「ビジネスに関わる行政法的事案」第63回 クマの管理(獣害管理):環境大臣による狩猟制限と都道府県の許可捕獲との関係について

第63回 クマの管理(獣害管理):環境大臣による狩猟制限と都道府県の許可捕獲との関係について      神山 智美(富山大学)

 

はじめに

人口が減ってきており、人の活動域も縮減してきています。各地でコンパクトシティ政策が進められてもいます。とすれば、クマがクマの活動域と認識するエリアも増えるわけですので、クマとヒト(人)が遭遇する空間は自ずと増えますよね。

そのため、クマによるヒトへの被害の報道が増えてきています。クマによる人身被害は、2023(令和5)年度は219人(うち死者6人)となり、過去最大となっています。
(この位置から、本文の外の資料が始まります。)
(* Assume $S^t(\mu,\nu)>0$ and let $X$ be $F^t$ conditioned on $F^t_{t+1}=r$. Then $$D(X_0\|F^t_0)+D(X_{-1}\mid X_0\,\|\,B^t_{-1}\mid B^t_0)\ \ge\ -\log\|\mu\|_2^2,$$ $$D(X_t\|B^t_t)+D(X_{t+1}\mid X_t\,\|\,F^t_{t+1}\mid F^t_t)\ \ge\ -\log\|\nu\|_2^2 .$$
   Context: $\Omega$ is a finite set, $S$ a symmetric substochastic matrix on $\Omega$ with nonnegative entries, $u,v$ nonnegative vectors with $\|u\|_2=\|v\|_2=1$, $\mu=u/\|u\|_1$, $\nu=v/\|v\|_1$, $t$ a positive integer, $S^t(\mu,\nu)=\sum_{x,y}\mu(x)S^t(x,y)\nu(y)$. Let $\Omega_\circ=\Omega\cup\{r\}$, $r\notin\Omega$, fix $z_0\in\Omega$. $F^t$ is the sub-probability walk on $\Omega_\circ$ at times $-1,\ldots,t+1$ with $\Pr[F^t=w]=\mu(w_0)\prod_{i=1}^tS(w_{i-1},w_i)\,c(w)$ for $w_{-1}=r$, $w_0,\ldots,w_t\in\Omega$, where $c(w)=\nu(w_t)$ if $w_{t+1}=r$, $1-\nu(w_t)$ if $w_{t+1}=z_0$, 0 otherwise. $B^t$ has $\Pr[B^t=w]=\nu(w_t)\prod_{i=1}^tS(w_i,w_{i-1})\,c'(w)$ for $w_{t+1}=r$, $w_0,\ldots,w_t\in\Omega$, with $c'(w)=\mu(w_0)$ if $w_{-1}=r$, $1-\mu(w_0)$ if $w_{-1}=z_0$, 0 otherwise. $X$ has $\Pr[X=w]=\Pr[F^t=w]/S^t(\mu,\nu)$ for $w_{t+1}=r$. Divergence $D(p\|q)=\sum_xp(x)\log\frac{p(x)}{q(x)}$ (terms with $p(x)=0$ are 0, log base 2), applied to distribution functions of random variables; conditional divergence $D(A_1\mid A_2\,\|\,B_1\mid B_2)=\sum_a\Pr[A_2=a]\,D(\operatorname{dist}(A_1\mid A_2=a)\,\|\,\operatorname{dist}(B_1\mid B_2=a))$ with $\operatorname{dist}(B_1\mid B_2=a)(b)=\Pr[B_1=b,B_2=a]/\Pr[B_2=a]$. *)

From HB Require Import structures.
From mathcomp Require Import all_boot all_order all_algebra.
From mathcomp Require Import all_classical all_reals exp.
Set Implicit Arguments. Unset Strict Implicit. Unset Printing Implicit Defensive.
Import Order.TTheory GRing.Theory Num.Theory.
Local Open Scope ring_scope.

Section Defs.
Variable R : realType.
Variable Omega : finType.

Definition log2 (x : R) : R := ln x / ln 2.

Fixpoint Spow (S : Omega -> Omega -> R) (n : nat) (x y : Omega) : R :=
  match n with
  | 0 => (x == y)%:R
  | n'.+1 => \sum_(z : Omega) Spow S n' x z * S z y
  end.

Definition l1normalize (u : Omega -> R) (x : Omega) : R :=
  u x / \sum_(y : Omega) `|u y|.

Definition Sbil (S : Omega -> Omega -> R) (t : nat) (mu nu : Omega -> R) : R :=
  \sum_(x : Omega) \sum_(y : Omega) mu x * Spow S t x y * nu y.

(* Omega_o = option Omega, with None playing the role of the extra point r.
   A walk at times -1, 0, ..., t+1 is w : 'I_(t+3) -> option Omega,
   where time k is stored at index k+1. *)
Definition walk (t : nat) := {ffun 'I_(t.+3) -> option Omega}.

(* the entry at index j (i.e. time j-1) *)
Definition wat (t : nat) (w : walk t) (j : nat) : option Omega := w (inord j).

Definition inner_ok (t : nat) (w : walk t) : bool :=
  [forall j : 'I_(t.+3), ((1 <= j) && (j <= t.+1))%N ==> (w j != None)].

(* value (in Omega) at index j, meaningful when inner_ok *)
Definition wv (z0 : Omega) (t : nat) (w : walk t) (j : nat) : Omega :=
  odflt z0 (wat w j).

Definition PF (S : Omega -> Omega -> R) (mu nu : Omega -> R) (z0 : Omega)
    (t : nat) (w : walk t) : R :=
  if (wat w 0 == None) && inner_ok w then
    mu (wv z0 w 1) * (\prod_(1 <= i < t.+1) S (wv z0 w i) (wv z0 w i.+1)) *
    (if wat w t.+2 == None then nu (wv z0 w t.+1)
     else if wat w t.+2 == Some z0 then 1 - nu (wv z0 w t.+1) else 0)
  else 0.

Definition PB (S : Omega -> Omega -> R) (mu nu : Omega -> R) (z0 : Omega)
    (t : nat) (w : walk t) : R :=
  if (wat w t.+2 == None) && inner_ok w then
    nu (wv z0 w t.+1) * (\prod_(1 <= i < t.+1) S (wv z0 w i.+1) (wv z0 w i)) *
    (if wat w 0 == None then mu (wv z0 w 1)
     else if wat w 0 == Some z0 then 1 - mu (wv z0 w 1) else 0)
  else 0.

(* Pr[X = w] : F^t conditioned on F^t_{t+1} = r *)
Definition PX (S : Omega -> Omega -> R) (mu nu : Omega -> R) (z0 : Omega)
    (t : nat) (w : walk t) : R :=
  if wat w t.+2 == None then PF S mu nu z0 w / Sbil S t mu nu else 0.

Definition marg (t : nat) (P : walk t -> R) (j : nat) (a : option Omega) : R :=
  \sum_(w : walk t | wat w j == a) P w.

Definition joint (t : nat) (P : walk t -> R) (i j : nat) (b a : option Omega) : R :=
  \sum_(w : walk t | (wat w i == b) && (wat w j == a)) P w.

Local Open Scope ereal_scope.

Definition Dkl (T : finType) (p q : T -> R) : \bar R :=
  \sum_(x : T | (0 < p x)%R)
     (if (0 < q x)%R then ((p x * log2 (p x / q x))%R)%:E else +oo).

Definition condD (t : nat) (PA PQ : walk t -> R) (i j : nat) : \bar R :=
  \sum_(a : option Omega | (0 < marg PA j a)%R)
    (marg PA j a)%:E *
    Dkl (fun b => joint PA i j b a / marg PA j a)%R
        (fun b => joint PQ i j b a / marg PQ j a)%R.

End Defs.

From HB Require Import structures.
From mathcomp Require Import all_boot all_order all_algebra.
From mathcomp Require Import all_classical all_reals exp.
From mathcomp Require Import ring lra zify.
Set Implicit Arguments. Unset Strict Implicit. Unset Printing Implicit Defensive.
Import Order.TTheory GRing.Theory Num.Theory.
Local Open Scope ring_scope.

(* X_{-1} = r surely, while B_{-1} = r given B_0 = x has probability mu(x); so the conditional
   term is E[-log mu(X_0)].  With p and q the laws of X_0 and F_0, the left-hand side becomes
   E[log (p(X_0) / (q(X_0) mu(X_0)))] >= -log sum_x q(x) mu(x) by Gibbs' inequality, and
   q <= mu because S is substochastic, which gives -log ||mu||_2^2.  Reversing time maps X to itself and exchanges F^t
   with B^t and mu with nu, as S is symmetric; so the second inequality is the first one for
   the reversed walk. *)

Lemma big_option (V : nmodType) (T : finType) (F : option T -> V) :
  \sum_(a : option T) F a = F None + \sum_(x : T) F (Some x).
Proof.
rewrite (bigD1 None) //=; congr (_ + _).
rewrite (reindex_omap Some id) //=; last by move=> [x|].
by apply: eq_bigl => x; rewrite eqxx.
Qed.

Lemma sum_delta (R : pzSemiRingType) (T : finType) (x : T) (F : T -> R) :
  \sum_y (x == y)%:R * F y = F x.
Proof.
rewrite (bigD1 x) //= eqxx mul1r big1 ?addr0 // => y /negbTE.
by rewrite eq_sym => ->; rewrite mul0r.
Qed.

Lemma sum_eq1_exists_gt0 (R : realDomainType) (I : finType) (p : I -> R) :
  \sum_a p a = 1 -> exists a, 0 < p a.
Proof.
move=> p1; apply/existsP; apply: contraT; rewrite negb_exists => /forallP p_le0.
suff : \sum_a p a <= 0 by rewrite p1 ler10.
by apply: sumr_le0 => a _; rewrite leNgt p_le0.
Qed.

Section Log2.
Variable R : realType.
Implicit Types x y : R.

Lemma log2M x y : 0 < x -> 0 < y -> log2 (x * y) = log2 x + log2 y.
Proof. by move=> x0 y0; rewrite /log2 lnM ?posrE // mulrDl. Qed.

Lemma log2_div x y : 0 < x -> 0 < y -> log2 (x / y) = log2 x - log2 y.
Proof. by move=> x0 y0; rewrite /log2 ln_div ?posrE // mulrBl. Qed.

Lemma log2V x : 0 < x -> log2 x^-1 = - log2 x.
Proof. by move=> x0; rewrite /log2 lnV ?posrE // mulNr. Qed.

Lemma ler_log2 x y : 0 < x -> x <= y -> log2 x <= log2 y.
Proof.
move=> x0 xy; rewrite /log2 ler_pM2r ?invr_gt0; last by apply: ln_gt0; lra.
by rewrite ler_ln ?posrE // (lt_le_trans x0).
Qed.

Lemma ln_le_subr1 x : 0 < x -> ln x <= x - 1.
Proof. by move=> x0; have := @le_ln1Dx R (x - 1); rewrite addrCA subrr addr0; apply; lra. Qed.
(* Let $\tau\in(0,1)$, $C>\tau$, $\mu>0$, let $a:\mathbb{R}^+\to\mathbb{R}^+$ be continuous and bounded, $h(x)=\frac{x}{1+x}$, and $$d_1(t)=\mu\frac{t+C}{1-\tau},\qquad \beta(t)=\frac{t+C+1-\tau}{t+C}\Big(d_1(t)-\frac{1}{t+C}\Big).$$ Then the system $$x_1'(t)=-(a(t)+d_1(t))x_1(t)+a(t)x_2(t)+\beta(t)h(x_1(t-\tau)),\quad x_2'(t)=-(a(t)+d_1(t))x_2(t)+a(t)x_1(t)+\beta(t)h(x_2(t-\tau))$$ has the solution $x(t)=\big(\frac{1}{t+C},\frac{1}{t+C}\big)$, hence is not permanent, although $\beta(t)-d_1(t)\ge\mu/2$ for all sufficiently large $t$ (and $\beta$ is unbounded).
   Context: Solutions are considered for $t\ge0$ with initial data on $[-\tau,0]$. *)

From Stdlib Require Import Reals Lra.
From Coquelicot Require Import Coquelicot.
Open Scope R_scope.

Definition hf (x : R) : R := x / (1 + x).

Definition d1f (mu tau C t : R) : R := mu * (t + C) / (1 - tau).

Definition betaf (mu tau C t : R) : R :=
  (t + C + 1 - tau) / (t + C) * (d1f mu tau C t - 1 / (t + C)).

Definition cont_within (D : R -> Prop) (f : R -> R) (t : R) : Prop :=
  filterlim f (within D (locally t)) (locally (f t)).

Definition is_solution (tau mu C : R) (a x1 x2 : R -> R) : Prop :=
  (forall t, -tau <= t <= 0 ->
     cont_within (fun s => -tau <= s <= 0) x1 t /\
     cont_within (fun s => -tau <= s <= 0) x2 t) /\
  cont_within (fun s => 0 <= s) x1 0 /\
  cont_within (fun s => 0 <= s) x2 0 /\
  (forall t, 0 < t ->
     is_derive x1 t
       (- (a t + d1f mu tau C t) * x1 t + a t * x2 t
        + betaf mu tau C t * hf (x1 (t - tau))) /\
     is_derive x2 t
       (- (a t + d1f mu tau C t) * x2 t + a t * x1 t
        + betaf mu tau C t * hf (x2 (t - tau)))).

Definition admissible_solution (tau mu C : R) (a x1 x2 : R -> R) : Prop :=
  is_solution tau mu C a x1 x2 /\
  (forall s, -tau <= s <= 0 -> 0 <= x1 s /\ 0 <= x2 s) /\
  0 < x1 0 /\ 0 < x2 0.

Definition permanent (tau mu C : R) (a : R -> R) : Prop :=
  exists m M, 0 < m /\ m <= M /\
    forall x1 x2, admissible_solution tau mu C a x1 x2 ->
      exists T, forall t, T <= t ->
        m <= x1 t <= M /\ m <= x2 t <= M.

(* The parameters are tuned so that u(t) = 1/(t+C) solves both equations: the
   coupling terms a(t)(x_2 - x_1) cancel on the diagonal, and with
   h(u(t-tau)) = 1/(t+C+1-tau) the birth term beta(t) h(u(t-tau)) equals
   d_1(t) u(t) - u(t)^2, so the right-hand side reduces to -u(t)^2 = u'(t).  Since this solution
   tends to 0, no positive lower bound m can hold eventually, so the system is
   not permanent.  Finally the closed form
     beta(t) - d_1(t) = mu - (t+C+1-tau)/(t+C)^2
   shows beta - d_1 >= mu/2 for t >= 4/mu + 1, hence beta >= d_1 grows without
   bound. *)

From Stdlib Require Import Reals Lra.
From Coquelicot Require Import Coquelicot.
Open Scope R_scope.

Lemma reciprocal_cont_within (D : R -> Prop) (c t : R) : 0 < t + c ->
  cont_within D (fun s => 1 / (s + c)) t.
Proof.
  intros Htc; unfold cont_within.
  eapply filterlim_filter_le_1; [apply filter_le_within|].
  apply (ex_derive_continuous (K := R_AbsRing) (V := R_NormedModule)
           (fun s => 1 / (s + c))).
  auto_derive; lra.
Qed.

Lemma reciprocal_rhs (tau mu C : R) (a t : R) :
  0 < tau < 1 -> tau < C -> 0 < t ->
  - (a + d1f mu tau C t) * (1 / (t + C)) + a * (1 / (t + C))
    + betaf mu tau C t * hf (1 / (t - tau + C)) = - (1 / ((t + C) * (t + C))).
Proof.
  intros Htau HC Ht; unfold hf, betaf, d1f; field; repeat split; lra.
Qed.

Lemma reciprocal_admissible (tau mu C : R) (a : R -> R) :
  0 < tau < 1 -> tau < C ->
  admissible_solution tau mu C a (fun t => 1 / (t + C)) (fun t => 1 / (t + C)).
Proof.
  intros Htau HC.
  assert (Hderiv : forall t, 0 < t ->
    is_derive (fun s => 1 / (s + C)) t
      (- (a t + d1f mu tau C t) * (1 / (t + C)) + a t * (1 / (t + C))
       + betaf mu tau C t * hf (1 / (t - tau + C)))).
  { intros t Ht; rewrite reciprocal_rhs by lra.
    auto_derive; [lra | field; lra]. }
  split; [split; [|split; [|split]] | split].
  - intros t Ht; split; apply reciprocal_cont_within; lra.
  - apply reciprocal_cont_within; lra.
  - apply reciprocal_cont_within; lra.
  - intros t Ht; split; apply Hderiv; exact Ht.
  - intros s Hs; split; left; apply Rdiv_lt_0_compat; lra.
  - split; apply Rdiv_lt_0_compat; lra.
Qed.

Lemma reciprocal_not_eventually_bounded_below (C m T : R) : 0 < m ->
  exists t, T <= t /\ 1 / (t + C) < m.
Proof.
  intros Hm.
  exists (Rmax T (1 / m - C + 1)); split; [apply Rmax_l|].
  assert (Hbig : 1 / m < Rmax T (1 / m - C + 1) + C)
    by (generalize (Rmax_r T (1 / m - C + 1)); lra).
  assert (Hinv : 0 < 1 / m) by (apply Rdiv_lt_0_compat; lra).
  apply (Rmult_lt_reg_r (Rmax T (1 / m - C + 1) + C)); [lra|].
  replace (1 / (Rmax T (1 / m - C + 1) + C) * (Rmax T (1 / m - C + 1) + C))
    with 1 by (field; lra).
  apply (Rmult_lt_compat_l m) in Hbig; [|exact Hm].
  replace (m * (1 / m)) with 1 in Hbig by (field; lra); exact Hbig.
Qed.

Lemma not_permanent_of_vanishing_solution (tau mu C : R) (a x1 x2 : R -> R) :
  admissible_solution tau mu C a x1 x2 ->
  (forall m T, 0 < m -> exists t, T <= t /\ x1 t < m) ->
  ~ permanent tau mu C a.
Proof.
  intros Hadm Hvanish [m [M [Hm [_ Hperm]]]].
  destruct (Hperm x1 x2 Hadm) as [T HT].
  destruct (Hvanish m T Hm) as [t [Ht Hsmall]].
  destruct (HT t Ht) as [[Hlow _] _]; lra.
Qed.

Lemma beta_minus_d1 (mu tau C t : R) : tau < 1 -> 0 < t + C ->
  betaf mu tau C t - d1f mu tau C t
  = mu - (t + C + 1 - tau) / ((t + C) * (t + C)).
Proof. intros Htau Htc; unfold betaf, d1f; field; lra. Qed.

(* beta - d_1 >= mu/2 as soon as t + C >= max(1, 4/mu), in particular for
   t >= 4/mu + 1. *)
Lemma beta_minus_d1_large (mu tau C t : R) :
  0 < tau < 1 -> 0 < C -> 0 < mu -> 4 / mu + 1 <= t ->
  mu / 2 <= betaf mu tau C t - d1f mu tau C t.
Proof.
  intros Htau HC Hmu Ht.
  assert (H4 : 0 < 4 / mu) by (apply Rdiv_lt_0_compat; lra).
  rewrite beta_minus_d1 by lra.
  set (u := t + C).
  assert (Hu1 : 1 <= u) by (unfold u; lra).
  assert (Hmuu : 4 <= mu * u).
  { assert (Hu : 4 / mu <= u) by (unfold u; lra).
    apply (Rmult_le_compat_l mu) in Hu; [|lra].
    replace (mu * (4 / mu)) with 4 in Hu by (field; lra); exact Hu. }
  assert (Hfrac : (u + 1 - tau) / (u * u) <= mu / 2).
  { apply (Rmult_le_reg_r (u * u)); [nra|].
    replace ((u + 1 - tau) / (u * u) * (u * u)) with (u + 1 - tau)
      by (field; lra).
    nra. }
  lra.
Qed.

Lemma d1_ge_linear (mu tau C t : R) :
  0 < tau < 1 -> 0 < mu -> 0 < t + C -> mu * (t + C) <= d1f mu tau C t.
Proof.
  intros Htau Hmu Htc; unfold d1f.
  apply (Rmult_le_reg_r (1 - tau)); [lra|].
  replace (mu * (t + C) / (1 - tau) * (1 - tau)) with (mu * (t + C))
    by (field; lra).
  assert (0 < mu * (t + C)) by (apply Rmult_lt_0_compat; lra); nra.
Qed.

(* beta is unbounded above on [0, +oo): beta >= d_1 + mu/2 >= mu t eventually. *)
Lemma beta_unbounded (mu tau C : R) :
  0 < tau < 1 -> 0 < C -> 0 < mu ->
  forall K, exists t, 0 <= t /\ K < betaf mu tau C t.
Proof.
  intros Htau HC Hmu K.
  set (t := Rmax (4 / mu + 1) (Rabs K / mu + 1)).
  assert (H4 : 0 < 4 / mu) by (apply Rdiv_lt_0_compat; lra).
  assert (Ht1 : 4 / mu + 1 <= t) by apply Rmax_l.
  assert (Ht2 : Rabs K / mu + 1 <= t) by apply Rmax_r.
  exists t; split; [lra|].
  assert (Hgap := beta_minus_d1_large mu tau C t Htau HC Hmu Ht1).
  assert (Hd := d1_ge_linear mu tau C t Htau Hmu ltac:(lra)).
  assert (HK : Rabs K < mu * t).
  { apply (Rmult_le_compat_l mu) in Ht2; [|lra].
    replace (mu * (Rabs K / mu + 1)) with (Rabs K + mu) in Ht2
      by (field; lra).
    lra. }
  generalize (Rle_abs K); nra.
Qed.

Theorem mainTheorem11 (tau C mu : R) (a : R -> R)
  (Htau : 0 < tau < 1) (HC : tau < C) (Hmu : 0 < mu)
  (Ha_pos : forall t, 0 <= t -> 0 <= a t)
  (Ha_cont : forall t, 0 <= t -> cont_within (fun s => 0 <= s) a t)
  (Ha_bdd : exists K, forall t, 0 <= t -> a t <= K) :
  admissible_solution tau mu C a (fun t => 1 / (t + C)) (fun t => 1 / (t + C)) /\
  ~ permanent tau mu C a /\
  (exists T, forall t, T <= t -> mu / 2 <= betaf mu tau C t - d1f mu tau C t) /\
  (forall K, exists t, 0 <= t /\ K < betaf mu tau C t).
Proof.
  assert (Hadm := reciprocal_admissible tau mu C a Htau HC).
  split; [exact Hadm|split; [|split]].
  - apply (not_permanent_of_vanishing_solution _ _ _ _ _ _ Hadm).
    intros m T Hm; exact (reciprocal_not_eventually_bounded_below C m T Hm).
  - exists (4 / mu + 1); intros t Ht.
    apply beta_minus_d1_large; lra.
  - apply beta_unbounded; lra.
Qed.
こうしたところ、先日、ネットニュースで紀伊半島のツキノワグマによる人(ヒト)への被害が増えていることが報道されました。被害の増加が確認されまずが、この地域のクマは環境省に「希少種」として指定され捕獲禁止になっているので対処できない、そのため県民の安全を守るためにも環境省に規制緩和を要望している、という内容でした。

しかし、それは正しい理解ではありません。

そこで以下では、環境大臣による狩猟制限と都道府県による鳥獣管理との関係について考えます。つまり、クマの管理については、だれが責任を担っているかということについての検討です。

1.保護管理

はじめに、鳥獣保護管理法(正式名称:鳥獣の保護及び管理並びに狩猟の適正化に関する法律)における保護管理について述べておきます。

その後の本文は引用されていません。